§ **Assignment**: Copy out exactly the stretch of the listing below that begins at the line containing "by near=> r; rewrite /slope0 ifT" and ends at the line containing "rewrite /slope0 le_eqVlt", and copy nothing outside it.

§ **Dataset excerpts**:
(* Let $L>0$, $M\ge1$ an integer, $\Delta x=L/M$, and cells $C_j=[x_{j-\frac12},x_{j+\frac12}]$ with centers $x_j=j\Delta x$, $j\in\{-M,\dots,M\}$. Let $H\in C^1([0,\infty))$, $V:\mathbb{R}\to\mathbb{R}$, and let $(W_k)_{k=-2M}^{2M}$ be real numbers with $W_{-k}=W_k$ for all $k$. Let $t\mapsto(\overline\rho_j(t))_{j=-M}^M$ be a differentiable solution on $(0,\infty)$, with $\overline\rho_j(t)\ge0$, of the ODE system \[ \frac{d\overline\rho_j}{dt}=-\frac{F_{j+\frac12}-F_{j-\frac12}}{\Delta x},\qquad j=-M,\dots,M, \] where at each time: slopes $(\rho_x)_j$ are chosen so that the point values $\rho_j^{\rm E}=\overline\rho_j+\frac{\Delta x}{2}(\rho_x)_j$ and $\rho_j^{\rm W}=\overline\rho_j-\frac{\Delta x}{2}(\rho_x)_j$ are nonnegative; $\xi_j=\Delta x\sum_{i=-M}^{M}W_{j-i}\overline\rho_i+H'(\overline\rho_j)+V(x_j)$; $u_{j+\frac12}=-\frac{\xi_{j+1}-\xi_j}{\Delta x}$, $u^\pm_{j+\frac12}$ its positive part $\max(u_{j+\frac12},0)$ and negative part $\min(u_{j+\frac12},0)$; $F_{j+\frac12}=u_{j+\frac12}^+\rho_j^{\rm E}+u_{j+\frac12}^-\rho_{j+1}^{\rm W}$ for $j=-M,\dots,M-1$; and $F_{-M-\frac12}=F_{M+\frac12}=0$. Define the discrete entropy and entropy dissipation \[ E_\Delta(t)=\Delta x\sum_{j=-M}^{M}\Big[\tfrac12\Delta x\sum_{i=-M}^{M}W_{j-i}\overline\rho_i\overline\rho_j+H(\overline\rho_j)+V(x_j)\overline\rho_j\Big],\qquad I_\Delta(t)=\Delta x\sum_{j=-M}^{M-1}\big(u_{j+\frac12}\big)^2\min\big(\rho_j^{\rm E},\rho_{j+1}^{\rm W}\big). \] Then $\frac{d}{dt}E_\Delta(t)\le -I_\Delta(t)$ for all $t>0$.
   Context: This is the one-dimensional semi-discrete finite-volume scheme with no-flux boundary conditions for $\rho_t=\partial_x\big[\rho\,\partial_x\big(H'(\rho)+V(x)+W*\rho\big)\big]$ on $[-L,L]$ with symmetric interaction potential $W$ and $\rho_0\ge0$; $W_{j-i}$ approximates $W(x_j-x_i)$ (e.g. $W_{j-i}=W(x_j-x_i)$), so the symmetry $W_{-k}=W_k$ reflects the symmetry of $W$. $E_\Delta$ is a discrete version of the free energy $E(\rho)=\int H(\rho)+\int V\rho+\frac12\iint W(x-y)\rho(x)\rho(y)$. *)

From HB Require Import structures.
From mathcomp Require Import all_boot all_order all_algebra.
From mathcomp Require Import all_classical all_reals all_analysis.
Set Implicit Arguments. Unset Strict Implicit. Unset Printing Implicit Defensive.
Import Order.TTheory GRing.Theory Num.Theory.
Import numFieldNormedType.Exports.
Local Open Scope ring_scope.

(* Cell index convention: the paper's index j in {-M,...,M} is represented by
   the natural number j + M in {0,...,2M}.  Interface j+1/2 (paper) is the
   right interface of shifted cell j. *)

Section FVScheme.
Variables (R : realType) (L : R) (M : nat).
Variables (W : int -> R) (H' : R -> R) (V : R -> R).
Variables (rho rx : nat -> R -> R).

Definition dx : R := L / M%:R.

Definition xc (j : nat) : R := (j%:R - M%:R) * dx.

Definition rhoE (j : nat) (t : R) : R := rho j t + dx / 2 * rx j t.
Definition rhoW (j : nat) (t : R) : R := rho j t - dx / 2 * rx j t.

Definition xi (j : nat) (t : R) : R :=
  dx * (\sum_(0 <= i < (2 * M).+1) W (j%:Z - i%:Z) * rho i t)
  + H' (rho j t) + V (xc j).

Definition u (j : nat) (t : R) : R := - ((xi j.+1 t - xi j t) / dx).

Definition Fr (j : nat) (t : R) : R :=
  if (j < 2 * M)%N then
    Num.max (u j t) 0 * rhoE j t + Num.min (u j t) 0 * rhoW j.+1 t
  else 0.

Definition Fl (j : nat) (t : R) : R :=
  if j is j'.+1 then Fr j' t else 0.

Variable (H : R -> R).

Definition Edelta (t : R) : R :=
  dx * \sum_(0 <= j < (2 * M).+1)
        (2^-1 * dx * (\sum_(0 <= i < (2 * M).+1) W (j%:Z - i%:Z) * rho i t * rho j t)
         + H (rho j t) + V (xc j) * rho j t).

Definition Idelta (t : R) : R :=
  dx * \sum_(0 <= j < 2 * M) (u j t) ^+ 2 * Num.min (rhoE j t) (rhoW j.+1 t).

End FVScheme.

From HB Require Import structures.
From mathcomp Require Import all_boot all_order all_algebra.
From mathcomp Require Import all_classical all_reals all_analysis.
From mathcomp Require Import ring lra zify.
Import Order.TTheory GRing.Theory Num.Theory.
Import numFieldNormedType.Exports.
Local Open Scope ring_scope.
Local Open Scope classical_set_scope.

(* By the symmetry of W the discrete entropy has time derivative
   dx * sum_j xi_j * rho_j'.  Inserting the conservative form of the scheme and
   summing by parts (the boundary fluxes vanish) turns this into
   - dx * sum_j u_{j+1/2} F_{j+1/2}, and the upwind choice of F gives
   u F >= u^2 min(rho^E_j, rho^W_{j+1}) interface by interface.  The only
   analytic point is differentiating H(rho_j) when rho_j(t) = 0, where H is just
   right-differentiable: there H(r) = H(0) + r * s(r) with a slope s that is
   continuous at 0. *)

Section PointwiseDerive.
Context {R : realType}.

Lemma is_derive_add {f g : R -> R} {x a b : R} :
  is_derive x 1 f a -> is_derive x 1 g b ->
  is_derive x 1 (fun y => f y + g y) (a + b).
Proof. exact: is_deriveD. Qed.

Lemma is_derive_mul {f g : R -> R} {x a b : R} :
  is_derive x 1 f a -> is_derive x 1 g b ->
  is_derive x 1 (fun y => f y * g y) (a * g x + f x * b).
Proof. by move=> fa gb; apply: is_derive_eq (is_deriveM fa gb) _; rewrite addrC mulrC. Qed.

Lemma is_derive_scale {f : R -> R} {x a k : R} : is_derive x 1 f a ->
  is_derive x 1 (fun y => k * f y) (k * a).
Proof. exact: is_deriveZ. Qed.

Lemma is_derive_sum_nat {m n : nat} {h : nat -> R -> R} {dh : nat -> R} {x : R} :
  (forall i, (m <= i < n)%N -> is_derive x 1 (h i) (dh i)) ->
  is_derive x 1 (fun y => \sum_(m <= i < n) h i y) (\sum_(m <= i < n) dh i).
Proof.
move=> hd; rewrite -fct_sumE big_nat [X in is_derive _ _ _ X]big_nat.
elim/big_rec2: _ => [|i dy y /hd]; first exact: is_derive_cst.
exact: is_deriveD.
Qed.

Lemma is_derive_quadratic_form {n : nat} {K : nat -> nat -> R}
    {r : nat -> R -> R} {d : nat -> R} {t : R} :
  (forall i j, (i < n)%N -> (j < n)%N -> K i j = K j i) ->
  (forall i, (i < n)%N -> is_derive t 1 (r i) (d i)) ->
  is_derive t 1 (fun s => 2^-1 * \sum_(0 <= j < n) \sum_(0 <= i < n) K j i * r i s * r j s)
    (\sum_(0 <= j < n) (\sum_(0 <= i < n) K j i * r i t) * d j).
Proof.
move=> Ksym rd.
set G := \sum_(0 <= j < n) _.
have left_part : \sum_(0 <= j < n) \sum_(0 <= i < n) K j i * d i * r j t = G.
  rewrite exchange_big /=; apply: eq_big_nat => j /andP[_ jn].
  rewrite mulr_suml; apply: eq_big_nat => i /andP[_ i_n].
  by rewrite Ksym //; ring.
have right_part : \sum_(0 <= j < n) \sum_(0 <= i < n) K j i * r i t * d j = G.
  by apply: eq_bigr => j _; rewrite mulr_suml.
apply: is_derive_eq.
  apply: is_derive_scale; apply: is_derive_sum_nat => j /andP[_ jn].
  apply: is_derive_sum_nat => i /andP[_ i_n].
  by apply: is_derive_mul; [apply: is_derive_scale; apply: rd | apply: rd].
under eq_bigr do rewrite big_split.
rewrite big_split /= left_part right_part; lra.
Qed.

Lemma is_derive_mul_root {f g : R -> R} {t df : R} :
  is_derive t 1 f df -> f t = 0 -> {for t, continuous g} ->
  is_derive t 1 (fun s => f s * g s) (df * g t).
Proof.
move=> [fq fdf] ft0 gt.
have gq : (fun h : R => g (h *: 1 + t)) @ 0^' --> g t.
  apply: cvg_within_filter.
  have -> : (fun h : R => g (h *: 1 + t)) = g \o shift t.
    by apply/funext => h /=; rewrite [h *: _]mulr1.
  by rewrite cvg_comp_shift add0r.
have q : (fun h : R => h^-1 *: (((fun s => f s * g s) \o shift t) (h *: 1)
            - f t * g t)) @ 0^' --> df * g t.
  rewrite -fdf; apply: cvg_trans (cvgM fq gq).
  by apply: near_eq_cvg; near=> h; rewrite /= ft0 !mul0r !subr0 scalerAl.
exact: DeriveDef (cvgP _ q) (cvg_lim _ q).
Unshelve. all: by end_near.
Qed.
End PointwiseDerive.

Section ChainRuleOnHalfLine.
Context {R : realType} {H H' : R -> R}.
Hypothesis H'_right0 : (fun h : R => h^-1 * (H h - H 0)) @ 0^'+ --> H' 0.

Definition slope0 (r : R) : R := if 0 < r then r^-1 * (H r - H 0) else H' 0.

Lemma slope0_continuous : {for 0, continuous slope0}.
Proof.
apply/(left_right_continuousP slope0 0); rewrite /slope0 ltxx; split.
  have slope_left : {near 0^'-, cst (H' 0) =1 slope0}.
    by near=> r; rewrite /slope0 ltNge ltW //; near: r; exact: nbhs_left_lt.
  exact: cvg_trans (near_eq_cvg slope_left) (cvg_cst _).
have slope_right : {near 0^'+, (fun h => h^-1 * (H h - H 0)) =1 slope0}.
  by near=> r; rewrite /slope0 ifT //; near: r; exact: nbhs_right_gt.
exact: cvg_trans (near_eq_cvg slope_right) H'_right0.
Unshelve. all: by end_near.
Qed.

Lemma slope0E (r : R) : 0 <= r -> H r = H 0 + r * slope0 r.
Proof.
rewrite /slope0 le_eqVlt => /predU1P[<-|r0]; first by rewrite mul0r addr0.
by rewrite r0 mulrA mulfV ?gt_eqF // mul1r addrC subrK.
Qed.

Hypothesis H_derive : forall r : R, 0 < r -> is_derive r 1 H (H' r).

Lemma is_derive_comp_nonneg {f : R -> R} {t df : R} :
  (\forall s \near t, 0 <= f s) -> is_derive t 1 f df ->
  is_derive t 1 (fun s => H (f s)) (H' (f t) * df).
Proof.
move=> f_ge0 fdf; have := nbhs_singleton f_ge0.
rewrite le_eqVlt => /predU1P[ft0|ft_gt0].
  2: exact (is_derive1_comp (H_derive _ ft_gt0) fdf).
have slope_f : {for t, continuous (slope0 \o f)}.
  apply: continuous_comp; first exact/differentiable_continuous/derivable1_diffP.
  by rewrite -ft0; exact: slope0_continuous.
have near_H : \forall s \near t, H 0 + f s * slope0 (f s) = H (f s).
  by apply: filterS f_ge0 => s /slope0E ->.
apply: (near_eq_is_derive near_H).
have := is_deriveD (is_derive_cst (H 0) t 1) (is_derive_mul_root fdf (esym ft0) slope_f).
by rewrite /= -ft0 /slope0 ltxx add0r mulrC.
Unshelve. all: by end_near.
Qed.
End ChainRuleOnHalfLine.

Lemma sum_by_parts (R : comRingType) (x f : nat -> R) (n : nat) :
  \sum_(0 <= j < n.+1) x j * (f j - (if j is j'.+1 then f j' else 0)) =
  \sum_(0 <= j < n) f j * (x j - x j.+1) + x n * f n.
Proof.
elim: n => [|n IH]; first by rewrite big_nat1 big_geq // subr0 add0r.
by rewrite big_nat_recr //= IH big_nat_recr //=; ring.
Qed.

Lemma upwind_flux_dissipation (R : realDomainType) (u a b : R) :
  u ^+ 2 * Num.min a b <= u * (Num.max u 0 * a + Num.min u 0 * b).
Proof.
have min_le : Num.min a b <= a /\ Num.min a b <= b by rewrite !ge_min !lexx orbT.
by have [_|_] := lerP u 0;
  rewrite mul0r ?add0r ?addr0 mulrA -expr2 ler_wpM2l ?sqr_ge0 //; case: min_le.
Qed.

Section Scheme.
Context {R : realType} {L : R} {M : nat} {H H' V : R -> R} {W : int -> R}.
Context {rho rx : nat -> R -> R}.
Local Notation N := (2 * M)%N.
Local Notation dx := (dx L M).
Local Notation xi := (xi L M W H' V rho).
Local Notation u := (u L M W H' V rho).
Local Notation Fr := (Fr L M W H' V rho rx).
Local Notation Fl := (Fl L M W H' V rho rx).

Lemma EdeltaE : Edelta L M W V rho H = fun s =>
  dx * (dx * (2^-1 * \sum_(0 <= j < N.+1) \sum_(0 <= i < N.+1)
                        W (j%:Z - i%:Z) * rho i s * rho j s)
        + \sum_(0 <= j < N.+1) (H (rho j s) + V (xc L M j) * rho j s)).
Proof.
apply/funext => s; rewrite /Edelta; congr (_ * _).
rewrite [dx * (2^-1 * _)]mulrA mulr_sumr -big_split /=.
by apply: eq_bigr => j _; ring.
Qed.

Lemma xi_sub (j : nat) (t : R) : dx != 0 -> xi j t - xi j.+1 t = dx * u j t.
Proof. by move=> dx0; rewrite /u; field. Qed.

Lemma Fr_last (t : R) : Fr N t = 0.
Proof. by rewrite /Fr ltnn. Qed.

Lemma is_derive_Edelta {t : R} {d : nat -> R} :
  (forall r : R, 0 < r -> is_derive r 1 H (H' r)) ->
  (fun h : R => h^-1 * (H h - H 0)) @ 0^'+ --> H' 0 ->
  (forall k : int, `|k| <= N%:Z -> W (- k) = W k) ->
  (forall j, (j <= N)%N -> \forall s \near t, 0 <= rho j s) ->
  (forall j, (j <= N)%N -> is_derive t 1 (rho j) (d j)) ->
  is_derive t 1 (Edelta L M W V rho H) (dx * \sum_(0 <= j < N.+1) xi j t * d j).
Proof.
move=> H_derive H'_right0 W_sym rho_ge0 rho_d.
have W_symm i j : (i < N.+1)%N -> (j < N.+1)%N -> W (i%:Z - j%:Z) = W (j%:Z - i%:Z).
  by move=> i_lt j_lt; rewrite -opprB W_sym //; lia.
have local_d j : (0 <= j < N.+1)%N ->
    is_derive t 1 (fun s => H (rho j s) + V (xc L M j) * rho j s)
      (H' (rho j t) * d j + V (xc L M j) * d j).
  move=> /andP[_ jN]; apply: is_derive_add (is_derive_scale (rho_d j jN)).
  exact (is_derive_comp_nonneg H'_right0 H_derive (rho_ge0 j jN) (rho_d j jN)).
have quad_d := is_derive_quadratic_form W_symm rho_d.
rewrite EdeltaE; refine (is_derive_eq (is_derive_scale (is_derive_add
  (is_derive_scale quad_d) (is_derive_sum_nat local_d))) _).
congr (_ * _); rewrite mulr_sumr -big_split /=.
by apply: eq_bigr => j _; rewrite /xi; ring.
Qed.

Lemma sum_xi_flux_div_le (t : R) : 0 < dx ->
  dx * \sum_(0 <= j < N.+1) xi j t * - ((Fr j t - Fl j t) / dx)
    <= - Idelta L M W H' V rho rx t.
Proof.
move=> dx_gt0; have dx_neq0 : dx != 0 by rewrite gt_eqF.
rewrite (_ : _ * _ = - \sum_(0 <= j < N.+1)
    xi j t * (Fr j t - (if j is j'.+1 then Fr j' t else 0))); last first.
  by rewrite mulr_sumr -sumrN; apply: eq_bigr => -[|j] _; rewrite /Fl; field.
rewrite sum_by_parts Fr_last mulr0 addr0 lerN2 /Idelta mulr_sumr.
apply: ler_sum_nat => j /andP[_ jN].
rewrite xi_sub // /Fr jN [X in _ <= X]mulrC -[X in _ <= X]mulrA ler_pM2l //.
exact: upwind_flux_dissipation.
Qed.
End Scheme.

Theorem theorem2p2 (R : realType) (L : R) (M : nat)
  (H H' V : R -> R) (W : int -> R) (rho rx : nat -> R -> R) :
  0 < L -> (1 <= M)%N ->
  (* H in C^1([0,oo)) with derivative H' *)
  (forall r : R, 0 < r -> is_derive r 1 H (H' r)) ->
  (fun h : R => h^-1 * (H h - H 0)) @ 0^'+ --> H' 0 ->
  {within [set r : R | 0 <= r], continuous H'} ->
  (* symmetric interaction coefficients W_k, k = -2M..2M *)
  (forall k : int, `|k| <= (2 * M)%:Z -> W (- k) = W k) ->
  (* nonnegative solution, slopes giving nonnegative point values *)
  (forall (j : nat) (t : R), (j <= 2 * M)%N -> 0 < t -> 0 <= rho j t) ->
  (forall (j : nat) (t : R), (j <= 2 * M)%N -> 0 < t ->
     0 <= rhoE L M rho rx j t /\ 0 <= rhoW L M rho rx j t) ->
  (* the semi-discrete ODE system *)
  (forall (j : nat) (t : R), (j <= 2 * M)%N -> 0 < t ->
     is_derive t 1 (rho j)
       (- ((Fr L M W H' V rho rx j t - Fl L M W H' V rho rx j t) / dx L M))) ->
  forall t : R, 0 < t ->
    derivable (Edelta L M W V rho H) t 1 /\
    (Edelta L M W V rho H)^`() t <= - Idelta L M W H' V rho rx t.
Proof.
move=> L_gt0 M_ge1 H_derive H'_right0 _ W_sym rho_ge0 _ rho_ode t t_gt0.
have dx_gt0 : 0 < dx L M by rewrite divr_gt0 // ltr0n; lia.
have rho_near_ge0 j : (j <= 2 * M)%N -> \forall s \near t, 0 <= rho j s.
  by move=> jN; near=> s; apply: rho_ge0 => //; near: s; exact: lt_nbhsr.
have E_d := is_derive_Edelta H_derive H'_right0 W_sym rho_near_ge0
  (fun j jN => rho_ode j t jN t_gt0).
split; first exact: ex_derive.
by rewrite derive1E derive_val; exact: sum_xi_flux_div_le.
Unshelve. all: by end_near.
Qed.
...
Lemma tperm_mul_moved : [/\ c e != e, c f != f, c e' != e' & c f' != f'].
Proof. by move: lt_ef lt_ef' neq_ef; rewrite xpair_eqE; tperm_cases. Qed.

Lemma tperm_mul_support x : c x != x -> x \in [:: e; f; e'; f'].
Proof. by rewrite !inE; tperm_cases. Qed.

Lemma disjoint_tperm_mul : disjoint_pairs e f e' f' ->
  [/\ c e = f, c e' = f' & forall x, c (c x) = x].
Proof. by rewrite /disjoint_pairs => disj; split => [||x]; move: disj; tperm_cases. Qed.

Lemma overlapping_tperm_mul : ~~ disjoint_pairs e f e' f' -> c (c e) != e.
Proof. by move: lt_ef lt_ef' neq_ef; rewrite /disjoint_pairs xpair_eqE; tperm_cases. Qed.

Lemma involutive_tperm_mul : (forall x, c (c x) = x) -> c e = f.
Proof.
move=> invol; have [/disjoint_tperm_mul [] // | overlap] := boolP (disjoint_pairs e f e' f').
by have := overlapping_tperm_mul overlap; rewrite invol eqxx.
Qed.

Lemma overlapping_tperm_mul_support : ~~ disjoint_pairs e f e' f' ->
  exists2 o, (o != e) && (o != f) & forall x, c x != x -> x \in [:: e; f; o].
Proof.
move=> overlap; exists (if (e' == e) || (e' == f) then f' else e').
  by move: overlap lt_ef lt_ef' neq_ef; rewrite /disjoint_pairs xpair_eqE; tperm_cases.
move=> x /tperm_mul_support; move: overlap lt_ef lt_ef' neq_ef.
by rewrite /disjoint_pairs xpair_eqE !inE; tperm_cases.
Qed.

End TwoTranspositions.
...
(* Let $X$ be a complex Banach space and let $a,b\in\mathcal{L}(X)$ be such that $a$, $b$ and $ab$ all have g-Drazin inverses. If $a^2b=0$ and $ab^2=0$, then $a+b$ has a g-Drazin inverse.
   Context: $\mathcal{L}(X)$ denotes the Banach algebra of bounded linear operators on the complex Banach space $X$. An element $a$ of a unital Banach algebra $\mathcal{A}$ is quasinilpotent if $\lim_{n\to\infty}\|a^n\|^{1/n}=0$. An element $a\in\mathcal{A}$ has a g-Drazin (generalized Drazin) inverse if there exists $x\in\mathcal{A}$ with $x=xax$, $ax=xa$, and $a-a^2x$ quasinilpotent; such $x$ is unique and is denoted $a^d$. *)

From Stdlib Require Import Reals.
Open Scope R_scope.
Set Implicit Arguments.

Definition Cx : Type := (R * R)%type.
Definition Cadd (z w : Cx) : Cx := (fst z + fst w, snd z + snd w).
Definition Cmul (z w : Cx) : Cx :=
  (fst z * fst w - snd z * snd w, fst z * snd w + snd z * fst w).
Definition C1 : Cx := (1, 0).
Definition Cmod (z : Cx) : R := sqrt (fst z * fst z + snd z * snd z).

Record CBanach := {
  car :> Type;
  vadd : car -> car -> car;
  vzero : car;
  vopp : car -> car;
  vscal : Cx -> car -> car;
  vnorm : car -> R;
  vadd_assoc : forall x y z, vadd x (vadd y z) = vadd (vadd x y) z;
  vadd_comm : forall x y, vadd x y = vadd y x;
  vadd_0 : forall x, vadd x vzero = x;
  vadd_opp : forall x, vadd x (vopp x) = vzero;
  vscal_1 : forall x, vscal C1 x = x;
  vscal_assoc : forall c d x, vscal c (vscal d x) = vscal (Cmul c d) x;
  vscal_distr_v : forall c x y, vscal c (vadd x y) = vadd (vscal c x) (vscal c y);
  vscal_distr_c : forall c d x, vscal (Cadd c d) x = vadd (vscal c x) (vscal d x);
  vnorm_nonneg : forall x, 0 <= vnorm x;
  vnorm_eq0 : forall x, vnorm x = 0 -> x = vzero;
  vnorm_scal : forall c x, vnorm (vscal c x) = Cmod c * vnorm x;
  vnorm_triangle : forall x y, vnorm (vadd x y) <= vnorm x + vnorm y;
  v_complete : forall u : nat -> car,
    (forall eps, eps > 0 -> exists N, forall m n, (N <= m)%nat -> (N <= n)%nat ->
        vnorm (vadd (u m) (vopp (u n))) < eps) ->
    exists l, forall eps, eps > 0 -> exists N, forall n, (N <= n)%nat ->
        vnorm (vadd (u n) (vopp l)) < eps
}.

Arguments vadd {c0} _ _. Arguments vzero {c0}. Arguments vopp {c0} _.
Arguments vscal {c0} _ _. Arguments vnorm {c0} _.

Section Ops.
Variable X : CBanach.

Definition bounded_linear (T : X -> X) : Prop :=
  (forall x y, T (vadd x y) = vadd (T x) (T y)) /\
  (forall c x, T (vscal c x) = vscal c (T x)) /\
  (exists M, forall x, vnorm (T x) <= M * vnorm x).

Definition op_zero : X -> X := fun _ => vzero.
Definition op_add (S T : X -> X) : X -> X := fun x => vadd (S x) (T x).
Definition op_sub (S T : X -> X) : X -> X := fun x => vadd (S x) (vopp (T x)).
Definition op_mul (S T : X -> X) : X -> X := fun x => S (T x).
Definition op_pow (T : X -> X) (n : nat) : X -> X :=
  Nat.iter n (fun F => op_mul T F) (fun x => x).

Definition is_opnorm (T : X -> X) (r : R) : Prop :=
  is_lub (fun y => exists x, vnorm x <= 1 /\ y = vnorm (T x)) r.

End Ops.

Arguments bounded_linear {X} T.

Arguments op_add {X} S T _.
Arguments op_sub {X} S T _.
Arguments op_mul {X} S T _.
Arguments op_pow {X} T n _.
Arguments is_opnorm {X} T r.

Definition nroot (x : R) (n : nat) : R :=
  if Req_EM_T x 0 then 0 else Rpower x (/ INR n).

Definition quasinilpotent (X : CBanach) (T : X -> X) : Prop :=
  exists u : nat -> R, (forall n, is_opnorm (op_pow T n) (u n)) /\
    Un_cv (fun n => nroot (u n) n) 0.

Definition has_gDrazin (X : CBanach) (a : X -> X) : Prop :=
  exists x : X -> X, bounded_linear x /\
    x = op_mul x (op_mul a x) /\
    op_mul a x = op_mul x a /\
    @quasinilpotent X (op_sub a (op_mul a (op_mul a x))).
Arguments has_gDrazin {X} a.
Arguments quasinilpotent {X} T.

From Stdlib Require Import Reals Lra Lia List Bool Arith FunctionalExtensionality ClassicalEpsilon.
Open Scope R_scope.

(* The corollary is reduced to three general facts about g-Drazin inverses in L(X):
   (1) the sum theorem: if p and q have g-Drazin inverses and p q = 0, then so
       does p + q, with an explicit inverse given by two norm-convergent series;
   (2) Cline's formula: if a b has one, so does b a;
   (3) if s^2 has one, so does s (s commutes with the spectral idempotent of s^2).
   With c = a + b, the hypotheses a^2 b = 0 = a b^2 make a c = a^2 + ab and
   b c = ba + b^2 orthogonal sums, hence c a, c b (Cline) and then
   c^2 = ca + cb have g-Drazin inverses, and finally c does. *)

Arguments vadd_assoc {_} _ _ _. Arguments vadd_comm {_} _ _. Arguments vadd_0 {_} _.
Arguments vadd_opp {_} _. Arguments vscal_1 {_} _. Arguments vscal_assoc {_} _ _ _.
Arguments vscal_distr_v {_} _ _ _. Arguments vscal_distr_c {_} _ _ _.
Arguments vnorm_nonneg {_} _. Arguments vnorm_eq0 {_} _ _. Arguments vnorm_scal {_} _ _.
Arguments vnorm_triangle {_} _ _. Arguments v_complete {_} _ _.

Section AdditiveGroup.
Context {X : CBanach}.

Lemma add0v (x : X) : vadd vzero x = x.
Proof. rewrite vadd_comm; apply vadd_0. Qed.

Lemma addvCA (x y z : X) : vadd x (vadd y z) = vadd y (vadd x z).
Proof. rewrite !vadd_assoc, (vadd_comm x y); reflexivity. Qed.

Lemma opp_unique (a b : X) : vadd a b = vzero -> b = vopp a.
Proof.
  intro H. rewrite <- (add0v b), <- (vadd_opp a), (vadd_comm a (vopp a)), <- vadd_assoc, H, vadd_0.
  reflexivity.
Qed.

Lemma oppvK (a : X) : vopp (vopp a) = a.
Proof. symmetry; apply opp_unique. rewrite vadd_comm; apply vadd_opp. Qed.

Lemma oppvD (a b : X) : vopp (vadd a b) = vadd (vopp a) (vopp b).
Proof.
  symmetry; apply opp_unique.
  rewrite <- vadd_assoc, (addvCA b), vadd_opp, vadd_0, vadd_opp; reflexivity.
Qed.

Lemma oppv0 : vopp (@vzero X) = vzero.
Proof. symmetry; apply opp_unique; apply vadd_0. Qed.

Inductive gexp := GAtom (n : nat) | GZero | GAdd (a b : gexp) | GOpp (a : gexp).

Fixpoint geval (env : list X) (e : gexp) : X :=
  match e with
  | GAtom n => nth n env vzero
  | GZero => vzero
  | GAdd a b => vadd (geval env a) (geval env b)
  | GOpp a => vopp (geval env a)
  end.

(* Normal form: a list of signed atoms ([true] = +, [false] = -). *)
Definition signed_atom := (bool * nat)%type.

§ **Exercise response**:
  by near=> r; rewrite /slope0 ifT //; near: r; exact: nbhs_right_gt.
exact: cvg_trans (near_eq_cvg slope_right) H'_right0.
Unshelve. all: by end_near.
Qed.

Lemma slope0E (r : R) : 0 <= r -> H r = H 0 + r * slope0 r.
Proof.
rewrite /slope0 le_eqVlt => /predU1P[<-|r0]; first by rewrite mul0r addr0.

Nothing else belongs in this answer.